The silence around the largest LBO deal in history (other than the innocuous CRTC delay) sent me for the exits about twelve days ago at $37.96 (see prior post “BCE put options tell a story” April 18-08), but the JP Morgan / Mars announcement might warrant a second thought should BCE trade below $35; a point where the upside and downside starts to look more attractive than the $38 level. Make $4,75 if it closes, loses $10 if it doesn’t.
That Citibank is raising US$3 billion, to go along with RBOS’s multibillion dollar rights offering, isn’t a bad sign either.
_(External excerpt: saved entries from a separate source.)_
(* Fix $\theta\in\mathbb{R}^d$, a coarsening function $c:\mathcal{D}\to\mathcal{D}$, and $\ell\in[L]$. Let $(C,D)\sim\mathbb{G}$, $U\sim\mathbb{U}$, $\tilde D_1\sim\mathbb{P}_\theta(C)=\mathsf{T}(\theta,C)$ and $\tilde D_2\sim\mathbb{Q}_\theta(C)=\mathsf{S}(\theta,C)$, and assume $\tilde D_1,\tilde D_2,U$ are pairwise independent. Let $g:\mathcal{D}\times\mathcal{U}\to[0,1]$ be a minimizer, over all functions $f:\mathcal{D}\times\mathcal{U}\to[0,1]$, of $\sum_{i\in\{1,2\}}\mathbf{E}[\lvert f(c(\tilde D_i),U)-h_\ell(D,U)\rvert]$. Define $$\gamma=\sum_{i\in\{1,2\}}\mathbf{E}[\lvert h_\ell(c(\tilde D_i),U)-h_\ell(\tilde D_i,U)\rvert],\qquad \varphi=\sum_{i\in\{1,2\}}\mathbf{E}[\lvert g(c(\tilde D_i),U)-h_\ell(D,U)\rvert],$$ $$\delta=\mathbf{E}\Big[\sum_{x\in c(\mathcal{D})}\lvert g(x,U)-h_\ell(x,U)\rvert\Big].$$ Then $$\mathbf{TD}^\ell_{\mathsf{T}}(\theta)\le \gamma+\varphi+\mathbf{TD}^\ell_{\mathsf{S}}(\theta)+\sqrt{\varepsilon_c(\tilde D_1,\tilde D_2)\cdot\delta}.$$
   Context: $\mathcal{C}$ is a set of dialogue contexts, $\mathcal{D}$ a set of dialogues, $\mathcal{U}$ an arbitrary set with a distribution $\mathbb{U}$ on it. $\mathbb{G}$ is a (goal) distribution on $\mathcal{C}\times\mathcal{D}$. Test functions $h_1,\dots,h_L:\mathcal{D}\times\mathcal{U}\to[0,1]$ are fixed. An environment $\mathsf{E}$ is a map $(\theta,c)\mapsto\mathbb{P}_\theta(c)$ assigning to parameters $\theta\in\mathbb{R}^d$ and context $c\in\mathcal{C}$ a distribution over $\mathcal{D}$; $\mathsf{S}$ and $\mathsf{T}$ are two environments. Test divergence: $\mathbf{TD}^\ell_{\mathsf{E}}(\theta)=\mathbf{E}[\lvert h_\ell(D,U)-h_\ell(\hat D,U)\rvert]$ where $(C,D)\sim\mathbb{G}$, $\hat D\sim\mathsf{E}(\theta,C)$, $U\sim\mathbb{U}$ independent. Coarsening function: a map $c:\mathcal{D}\to\mathcal{D}$ with $c(\mathcal{D})$ finite and $\lvert c(\mathcal{D})\rvert<\lvert\mathcal{D}\rvert$. Discrete energy distance: for independent $A,B$, $\varepsilon_{01}(A,B)=2\mathbf{E}[1\{A\neq B\}]-\mathbf{E}[1\{A\neq A'\}]-\mathbf{E}[1\{B\neq B'\}]$ with $A',B'$ independent copies of $A,B$; and $\varepsilon_c(A,B)=\varepsilon_{01}(c(A),c(B))$. *)

From HB Require Import structures.
From mathcomp Require Import all_boot all_order ssralg ssrnum ssrint interval matrix.
From mathcomp Require Import mathcomp_extra boolp classical_sets functions.
From mathcomp Require Import cardinality fsbigop reals ereal topology.
From mathcomp Require Import normedtype sequences esum measure.
From mathcomp Require Import measurable_realfun numfun lebesgue_measure.
From mathcomp Require Import lebesgue_integral kernel probability.
Set Implicit Arguments. Unset Strict Implicit. Unset Printing Implicit Defensive.
Import Order.TTheory GRing.Theory Num.Theory.
Local Open Scope classical_set_scope.
Local Open Scope ring_scope.

Definition Ex {R : realType} {d} {T : measurableType d} (P : probability T R)
  (f : T -> R) : R := fine (\int[P]_w (f w)%:E)%E.

Definition test_fun {R : realType} {dD dU} {TD : measurableType dD}
  {TU : measurableType dU} (f : TD * TU -> R) : Prop :=
  measurable_fun setT f /\ (forall p, 0 <= f p <= 1).

Definition coarsening {dD} {TD : measurableType dD} (c : TD -> TD) : Prop :=
  finite_set (range c) /\ ~ (([set: TD] #<= range c)%card) /\
  (forall x, measurable (c @^-1` [set x])).

Definition environment (R : realType) (d : nat) {dC dD}
  (TC : measurableType dC) (TD : measurableType dD) :=
  'rV[R]_d -> R.-pker TC ~> TD.

Definition test_div {R : realType} {d : nat} {dC dD dU} {TC : measurableType dC}
  {TD : measurableType dD} {TU : measurableType dU}
  (G : probability (TC * TD)%type R) (PU : probability TU R)
  (hl : TD * TU -> R) (E : environment R d TC TD) (theta : 'rV[R]_d) : R :=
  fine (\int[G]_z \int[E theta z.1]_d' \int[PU]_u
          (`|hl (z.2, u) - hl (d', u)|)%:E)%E.

(* The joint law of (C, D, Dt, U) on the probability space P is that of
   (C,D) ~ G, Dt ~ K(C) (drawn from C only), U ~ PU independent. *)
Definition env_law {R : realType} {dO dC dD dU} {Om : measurableType dO}
  {TC : measurableType dC} {TD : measurableType dD} {TU : measurableType dU}
  (P : probability Om R) (C : Om -> TC) (D Dt : Om -> TD) (U : Om -> TU)
  (G : probability (TC * TD)%type R) (K : R.-pker TC ~> TD)
  (PU : probability TU R) : Prop :=
  forall f : TC * TD * TD * TU -> \bar R, measurable_fun [set: TC * TD * TD * TU] f ->
    (forall x, 0 <= f x)%E ->
    (\int[P]_w f (C w, D w, Dt w, U w) =
     \int[G]_z \int[K z.1]_d' \int[PU]_u f (z.1, z.2, d', u))%E.

Definition indep2 {R : realType} {dO dA dB} {Om : measurableType dO}
  {TA : measurableType dA} {TB : measurableType dB}
  (P : probability Om R) (X : Om -> TA) (Y : Om -> TB) : Prop :=
  forall A B, measurable A -> measurable B ->
    P (X @^-1` A `&` Y @^-1` B) = (P (X @^-1` A) * P (Y @^-1` B))%E.

(* discrete energy distance eps_01(A,B) for independent A, B defined on P:
   2E[1{A<>B}] - E[1{A<>A'}] - E[1{B<>B'}], the independent copies being
   realized on the product P x P. *)
Definition neq_ind {R : realType} {T : eqType} (a b : T) : R := (a != b)%:R.

Definition eps01 {R : realType} {dO} {Om : measurableType dO} {T : eqType}
  (P : probability Om R) (A B : Om -> T) : R :=
  2 * fine (\int[P]_w \int[P]_w' (neq_ind (A w) (B w') : R)%:E)%E
  - fine (\int[P]_w \int[P]_w' (neq_ind (A w) (A w') : R)%:E)%E
  - fine (\int[P]_w \int[P]_w' (neq_ind (B w) (B w') : R)%:E)%E.

Definition eps_c {R : realType} {dO dD} {Om : measurableType dO}
  {TD : measurableType dD} (P : probability Om R) (c : TD -> TD)
  (A B : Om -> TD) : R := eps01 P (c \o A) (c \o B).

Definition phi_obj {R : realType} {dO dD dU} {Om : measurableType dO}
  {TD : measurableType dD} {TU : measurableType dU} (P : probability Om R)
  (c : TD -> TD) (hl : TD * TU -> R) (D D1 D2 : Om -> TD) (U : Om -> TU)
  (f : TD * TU -> R) : R :=
  Ex P (fun w => `|f (c (D1 w), U w) - hl (D w, U w)|)
  + Ex P (fun w => `|f (c (D2 w), U w) - hl (D w, U w)|).

Definition gamma_q {R : realType} {dO dD dU} {Om : measurableType dO}
  {TD : measurableType dD} {TU : measurableType dU} (P : probability Om R)
  (c : TD -> TD) (hl : TD * TU -> R) (D1 D2 : Om -> TD) (U : Om -> TU) : R :=
  Ex P (fun w => `|hl (c (D1 w), U w) - hl (D1 w, U w)|)
  + Ex P (fun w => `|hl (c (D2 w), U w) - hl (D2 w, U w)|).

Definition delta_q {R : realType} {dO dD dU} {Om : measurableType dO}
  {TD : measurableType dD} {TU : measurableType dU} (P : probability Om R)
  (c : TD -> TD) (hl g : TD * TU -> R) (U : Om -> TU) : R :=
  Ex P (fun w => (\sum_(x \in range c) `|g (x, U w) - hl (x, U w)|)%R).

From HB Require Import structures.
From mathcomp Require Import all_boot all_order ssralg ssrnum ssrint interval matrix.
From mathcomp Require Import mathcomp_extra boolp classical_sets functions.
From mathcomp Require Import cardinality fsbigop reals ereal topology.
From mathcomp Require Import normedtype sequences esum measure.
From mathcomp Require Import measurable_realfun numfun lebesgue_measure.
From mathcomp Require Import lebesgue_integral kernel probability.
From mathcomp Require Import ring lra.
Import Order.TTheory GRing.Theory Num.Theory.
Local Open Scope classical_set_scope.
Local Open Scope ring_scope.
Set Implicit Arguments. Unset Strict Implicit. Unset Printing Implicit Defensive.

(* Write p_i(x) for the probability that c(D~_i) = x and a(x) = E|g(x,U) - h_l(x,U)|,
   and A_i = E|g(c(D~_i),U) - h_l(c(D~_i),U)|.  Going from h_l(D,U) to h_l(D~_1,U)
   through g(c(D~_1),U) and h_l(c(D~_1),U), and bounding A_2 by the path through
   h_l(D,U) and h_l(D~_2,U), gives TD_T <= gamma + phi + TD_S + (A_1 - A_2).
   As D~_i is independent of U, A_i = sum_x p_i(x) a(x), so Cauchy-Schwarz and
   0 <= a <= 1 give A_1 - A_2 <= sqrt (sum_x (p_1(x) - p_2(x))^2 * sum_x a(x)),
   where the first sum is eps_c(D~_1, D~_2) and the second is delta. *)

Definition bounded_nng {R : realType} {d} {T : measurableType d} (f : T -> R) :=
  measurable_fun setT f /\ exists M : R, forall x, 0 <= f x <= M.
But all OTPPB, Providence and Madison Dearborn really need is a minor a dose of Dimon.
MRM
Hi!
Where does this $10 to the downside figure you keep referring to come from?
As an average joe blow it looks to me like BCE is a cash printing press.
The downside estimate is based upon equity research analyst publications that guesstimtaed that BCE would trade down to $26-$28 if the Teachers LBO falls apart.
As an average Joe, you can do your own analysis, however.
The calc is something like:
– where was BCE trading prior to the KKR going-private rumours?
– subtract an estimate of whatever impact the federal government’s decision to open up some of the wireless spectrum could have on Bell’s mobile business (look at how Rogers B shares have traded since that decision as a proxy, recognizing that the market is down during that timeframe as well); hint: Rogers is down more than 10%
– subtract an estimate for the impact of the selloff in the S&P 500 since the rumours came to the surface
– add back an estimate of what Telus might do vis-a-vis a merger with BCE should the LBO fall away, and the impact that speculation could have on BCE shares
Voila. You arrive at a number that’s not any lower than $25, but sure isn’t $30 should the LBO collapse in June.